At Home with Toni Morrison
Toni Morrison Society Event Draws Scholars from Around the World to Honor the Literary Legend
By Hilary Hurd
A pproximately 130 scholars from around the globe gathered for three days in Lorain, Ohio, last month for one purpose: to honor and celebrate Nobel Laureate Toni Morrison and her work.
The second biennial Toni Morrison Society conference, Toni Morrison and The Meanings of Home, was held in this steel town on the banks of Lake Erie, which is Morrison’s birthplace and the setting of Morrison’s first novel, The Bluest Eye.
“Every time the Toni Morrison Society comes together it is a homecoming,” says Dr. Marilyn Mobley McKenzie, president of the society and an associate professor of English and African American studies at George Mason University in Virginia.
The conference, held at Lorain County Community College, explored the unique and numerous ways Morrison portrays the home in her novels and drew scholars primarily from the fields of American literature, African American literature and English.
Dr. Marilyn J. Valentino, the conference director, is a professor of English at Lorain County Community College.
During the conference, the Morrison scholars attended several sessions, such as “Mothering in the Novels of Toni Morrison,” and “Women’s Homes as Gothic Spaces in Toni Morrison’s Paradise.” The last day of the conference, attendees had the opportunity to tour historic sites in Lorain — population 69,800 — and visit such places as the Toni Morrison Room at the Lorain Public Library.
“The society gives us a chance to come together at the same time, at the same place, and … exchange ideas about her work,” says society member Dr. Loretta Gilchrist Woodard, associate professor of English at Marygrove College in Detroit.
And the dialogue is not limited to American scholars. While U.S. academicians came from institutions as far away as California and New York, many of their overseas colleagues hailed from such far-off places as France, Japan and Portugal.
Woodard says she has noticed a growing interest in Morrison’s work among international scholars. “They are hungry for information, and this provides a forum for understanding. They want to make sure they are interpreting her work accurately.”
Graduate student Tessa Roynon, originally from Oxford, England, is completing her master’s in American Literature at Georgetown University in Washington. She says that since receiving the Nobel Prize for Literature in 1993, Morrison has become increasingly popular in England.

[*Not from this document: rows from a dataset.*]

(* Let $\mathbb V\subset\mathbb W$ be Hilbert spaces with bounded inclusion, $\mathbb V$ dense in $\mathbb W$ and $\mathbb V$ separable. Let $\mathcal L_N,\mathcal L:\mathbb V\to\mathbb W$ be bounded operators that are self-adjoint (as operators on $\mathbb W$ with dense domain $\mathbb V$) and have pure-point spectrum. Let $\lambda$ be an eigenvalue of $\mathcal L$ of finite geometric multiplicity and $\delta>0$ such that $\lambda$ is at distance more than $3\delta$ from all other elements of the spectrum of $\mathcal L$. Suppose there exists $N_0=N_0(\lambda,\delta)$ such that for $\delta\le|z-\lambda|\le2\delta$ and $N>N_0$, $z\,\mathrm{id}-\mathcal L_N$ is invertible on $\mathbb W$, and $$\|(z\,\mathrm{id}-\mathcal L)^{-1}(\mathcal L-\mathcal L_N)v\|_{\mathbb W}\to0,\qquad\|(z\,\mathrm{id}-\mathcal L_N)^{-1}(\mathcal L-\mathcal L_N)u\|_{\mathbb W}\to0$$ as $N\to\infty$, uniformly in $z$ with $\delta\le|z-\lambda|\le2\delta$, for all $\mathbb W$-normalized eigenfunctions $v$ of $\mathcal L_N$ and $u$ of $\mathcal L$ associated with eigenvalues lying in $\{z\in\mathbb C:|z-\lambda|\le\delta\}$. Then there exists $N_0'$ such that for $N>N_0'$ the geometric multiplicity of $\lambda$ equals the sum of the geometric multiplicities of the eigenvalues $\lambda'$ of $\mathcal L_N$ satisfying $|\lambda'-\lambda|<\delta$. *)

(* complex scalars are R[i] (mathcomp-real-closed complex)
   over an arbitrary R : realType, i.e. the complex numbers.
   Hilbert spaces are lmodTypes over R[i] equipped with an inner product. *)
From mathcomp Require Import all_boot all_order all_algebra.
From mathcomp Require Export complex.
From mathcomp Require Export reals.
Set Implicit Arguments. Unset Strict Implicit. Unset Printing Implicit Defensive.
Import Order.TTheory GRing.Theory Num.Theory.
Local Open Scope ring_scope.

Section Hilbert.
Variable R : realType.
Local Notation C := (R[i]).

Definition is_inner_product (W : lmodType C) (ip : W -> W -> C) : Prop :=
  [/\ (forall (a : C) (x y z : W), ip (a *: x + y) z = a * ip x z + ip y z),
      (forall x y : W, ip y x = (ip x y)^*),
      (forall x : W, 0 <= ip x x) &
      (forall x : W, ip x x = 0 -> x = 0)].

Definition hnorm (W : lmodType C) (ip : W -> W -> C) (x : W) : C :=
  sqrtC (ip x x).

Definition cauchy_seq (W : lmodType C) (ip : W -> W -> C) (u : nat -> W) : Prop :=
  forall eps : C, 0 < eps -> exists N : nat, forall m n : nat,
    (N <= m)%N -> (N <= n)%N -> hnorm ip (u m - u n) < eps.

Definition converges_to (W : lmodType C) (ip : W -> W -> C) (u : nat -> W) (x : W) : Prop :=
  forall eps : C, 0 < eps -> exists N : nat, forall n : nat,
    (N <= n)%N -> hnorm ip (u n - x) < eps.

Definition is_hilbert (W : lmodType C) (ip : W -> W -> C) : Prop :=
  is_inner_product ip /\
  (forall u : nat -> W, cauchy_seq ip u -> exists x : W, converges_to ip u x).

Definition separable (V : lmodType C) (ip : V -> V -> C) : Prop :=
  exists d : nat -> V, forall (v : V) (eps : C), 0 < eps ->
    exists n : nat, hnorm ip (v - d n) < eps.

Definition bounded_op (V W : lmodType C) (ipV : V -> V -> C) (ipW : W -> W -> C)
  (f : V -> W) : Prop :=
  exists c : C, forall v : V, hnorm ipW (f v) <= c * hnorm ipV v.

Definition dense_range (V W : lmodType C) (ipW : W -> W -> C) (f : V -> W) : Prop :=
  forall (w : W) (eps : C), 0 < eps -> exists v : V, hnorm ipW (w - f v) < eps.

(* Operators L : V -> W, viewed as operators in W with domain i(V). *)

(* self-adjoint: symmetric, and the domain of the adjoint is contained in
   (hence equal to) the domain i(V) *)
Definition self_adjoint (V W : lmodType C) (ipW : W -> W -> C) (i : V -> W)
  (L : V -> W) : Prop :=
  (forall u v : V, ipW (L u) (i v) = ipW (i u) (L v)) /\
  (forall w w' : W, (forall v : V, ipW (L v) w = ipW (i v) w') ->
     exists u : V, i u = w).

Definition shiftop (V W : lmodType C) (i : V -> W) (L : V -> W) (z : C) (v : V) : W :=
  z *: i v - L v.

Definition invertible_at (V W : lmodType C) (ipW : W -> W -> C) (i : V -> W)
  (L : V -> W) (z : C) : Prop :=
  exists g : W -> V, cancel (shiftop i L z) g /\ cancel g (shiftop i L z) /\
    bounded_op ipW ipW (fun w => i (g w)).

Definition in_spectrum (V W : lmodType C) (ipW : W -> W -> C) (i : V -> W)
  (L : V -> W) (z : C) : Prop := ~ invertible_at ipW i L z.

Definition is_eigenvector (V W : lmodType C) (i : V -> W) (L : V -> W)
  (z : C) (v : V) : Prop := v != 0 /\ L v = z *: i v.

Definition is_eigenvalue (V W : lmodType C) (i : V -> W) (L : V -> W) (z : C) : Prop :=
  exists v : V, is_eigenvector i L z v.

(* pure-point spectrum: the eigenvectors span a dense subspace of W
   (equivalently W has an orthonormal basis of eigenvectors) *)
Definition pure_point (V W : lmodType C) (ipW : W -> W -> C) (i : V -> W)
  (L : V -> W) : Prop :=
  forall (w : W) (eps : C), 0 < eps ->
    exists (n : nat) (f : 'I_n -> V) (mu c : 'I_n -> C),
      (forall k, L (f k) = mu k *: i (f k)) /\
      hnorm ipW (w - \sum_(k < n) c k *: i (f k)) < eps.

Definition lin_indep (V : lmodType C) (n : nat) (f : 'I_n -> V) : Prop :=
  forall c : 'I_n -> C, \sum_(k < n) c k *: f k = 0 -> forall k, c k = 0.

Definition geom_mult (V W : lmodType C) (i : V -> W) (L : V -> W)
  (z : C) (m : nat) : Prop :=
  (exists f : 'I_m -> V, (forall k, L (f k) = z *: i (f k)) /\ lin_indep f) /\
  (forall f : 'I_m.+1 -> V, (forall k, L (f k) = z *: i (f k)) -> ~ lin_indep f).

End Hilbert.

(* Fix z = lambda + delta.  If L_N v = mu v with |mu - lambda| < delta and |v| = 1,
   then y = (z - L)^-1 (L - L_N) v satisfies (z - L)(v + y) = (z - mu) v, so against an
   eigenvector of L with eigenvalue t <> lambda the vector v pairs like y times
   (z - t)/(t - mu).  Isolation of lambda gives |z - t| <= 2 |t - mu| for these t, and
   expanding in eigenvectors of L (pure point spectrum) puts v within 4|y| of
   ker (L - lambda).  Symmetrically, every unit vector of ker (L - lambda) lies within
   4|y| of the span of the eigenvectors of L_N with eigenvalues in the disc
   |t - lambda| < delta.  Finally, p orthonormal vectors within rho of the span of an
   orthonormal family b force p <= |b| as soon as p rho < 1; used in both directions
   with |y| < 1/(8(m+1)) this makes the two dimensions equal. *)

From mathcomp Require Import all_boot all_order all_algebra.
From mathcomp Require Import complex reals.
From mathcomp Require Import ring zify.
From Stdlib Require Import Classical.
Import Order.TTheory GRing.Theory Num.Theory.
Local Open Scope ring_scope.

Set Implicit Arguments. Unset Strict Implicit. Unset Printing Implicit Defensive.

Lemma kermx_exists (F : fieldType) p q (M : 'M[F]_(p, q)) : (q < p)%N ->
  exists2 a : 'rV_p, a != 0 & a *m M = 0.
Proof.
move=> qp; have K0 : kermx M != 0.
  rewrite kermx_eq0 /row_free; apply: contraTN qp => /eqP rkM.
  by rewrite -leqNgt -rkM rank_leq_col.
have /existsP[[j k] /= Kjk] : [exists jk : 'I_p * 'I_p, kermx M jk.1 jk.2 != 0].
  apply: contraNT K0 => /existsPn Kn; apply/eqP/matrixP => j k.
  by have /negPn/eqP /= -> := Kn (j, k); rewrite mxE.
exists (row j (kermx M)).
  by apply: contraNneq Kjk => /rowP/(_ k); rewrite mxE [RHS]mxE => ->.
by rewrite -(row_mul j (kermx M) M) mulmx_ker row0.
Qed.

Lemma bounded_ex_max (P : nat -> Prop) m : P 0%N -> (forall n, P n -> (n <= m)%N) ->
  exists2 n, P n & forall k, P k -> (k <= n)%N.
Proof.
move=> P0 Pm; suff from_below d : forall n, P n -> (m - n <= d)%N ->
    exists2 n, P n & forall k, P k -> (k <= n)%N.
  exact: from_below m 0%N P0 (leq_subr _ _).
elim: d => [|d IH] n Pn hd.
  by exists n => // k /Pm; lia.
have [[k [Pk nk]]|hn] := classic (exists k, P k /\ (n < k)%N).
  by apply: (IH k Pk); have := Pm _ Pk; lia.
exists n => // k Pk; rewrite leqNgt; apply/negP => nk.
by apply: hn; exists k.
Qed.

Lemma choose_on_seq (T : eqType) (X : Type) (x0 : X) (s : seq T) (Q : T -> X -> Prop) :
  (forall t, t \in s -> exists x, Q t x) -> exists f : T -> X, forall t, t \in s -> Q t (f t).
Proof.
elim: s => [|t s IH] h; first by exists (fun _ => x0).
have [x hx] := h t (mem_head _ _).
have [f hf] := IH (fun u us => h u (@mem_behead _ (t :: s) _ us)).
exists (fun u => if u == t then x else f u) => u; rewrite inE.
by case: eqP => [->|_] //= /hf.
Qed.

Section InnerProduct.
Variables (R : realType) (U : lmodType R[i]) (ip : U -> U -> R[i]).
Hypothesis ip_inner : is_inner_product ip.
Local Notation nm := (hnorm ip).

The conference opened with a jazz reception, and was followed by the video premiere of Toni Morrison & The Meanings of Home: A Portrait of Lorain in the Thirties and
Forties and a panel discussion featuring authors and scholars Dr. Michael Eric Dyson, Marita Golden, Dr. bell hooks and John Edgar Wideman.
Quoting Morrison, Dyson said during the panel, ” ‘We die. That may be the meaning of life. But we do language. That may be the measure of our lives.’ ” Dyson added that this quote truly embodies the author.
Dr. Wahneema H. Lubiano, associate professor of literature at Duke University, was the keynote speaker at a luncheon attended by Morrison. Morrison herself did not speak at the luncheon, but she made an unexpected visit later that day to a roundtable discussion for high school teachers on methods of teaching her novels.
Dr. Cornel West of Harvard University, who is a member of the society’s advisory board, compared the significance and impact of Morrison’s work to such literary greats as Leo Tolstoy, James Joyce and Franz Kafka.
“We probably won’t really realize the importance of Morrison’s work for another 30 or 40 years,” West says.
“To have Toni Morrison herself makes all the difference in the world,” West said about the author’s attendance at the luncheon.
The society has more than 300 members and is based at Georgia State University in Atlanta, where society founder Dr. Carolyn Denard is an associate professor of English.
The society, which meets every two years, was founded in 1993 at the annual meeting of the American Literature Association in
Baltimore. The Toni Morrison Society holds its conferences in locations that have special meaning in Morrison’s life and works. The
society’s first meeting in 1998 was held in
Atlanta, which is not only the home of the Toni Morrison Society but is also near Cartersville, Ga., the birthplace of Morrison’s father.
The third conference, set for 2002, will take place in Washington, D.C., at Howard University — Morrison’s alma mater, where she had a later academic career. One topic under consideration is Toni Morrison and the Politics of Learning, but the final theme will be announced sometime in the spring, says McKenzie, the society’s president.
Morrison is currently the Robert F. Goheen Professor in the Council of the Humanities at Princeton University in New Jersey. In addition to receiving the Nobel Prize for Literature, Morrison has received numerous literary awards including the National Book Critics’ Circle Award in 1977 for Song of Solomon and the Pulitzer Prize for fiction in 1988 for Beloved. She also has written many books of essays and in 1999 co-wrote a children’s book, The Big Box.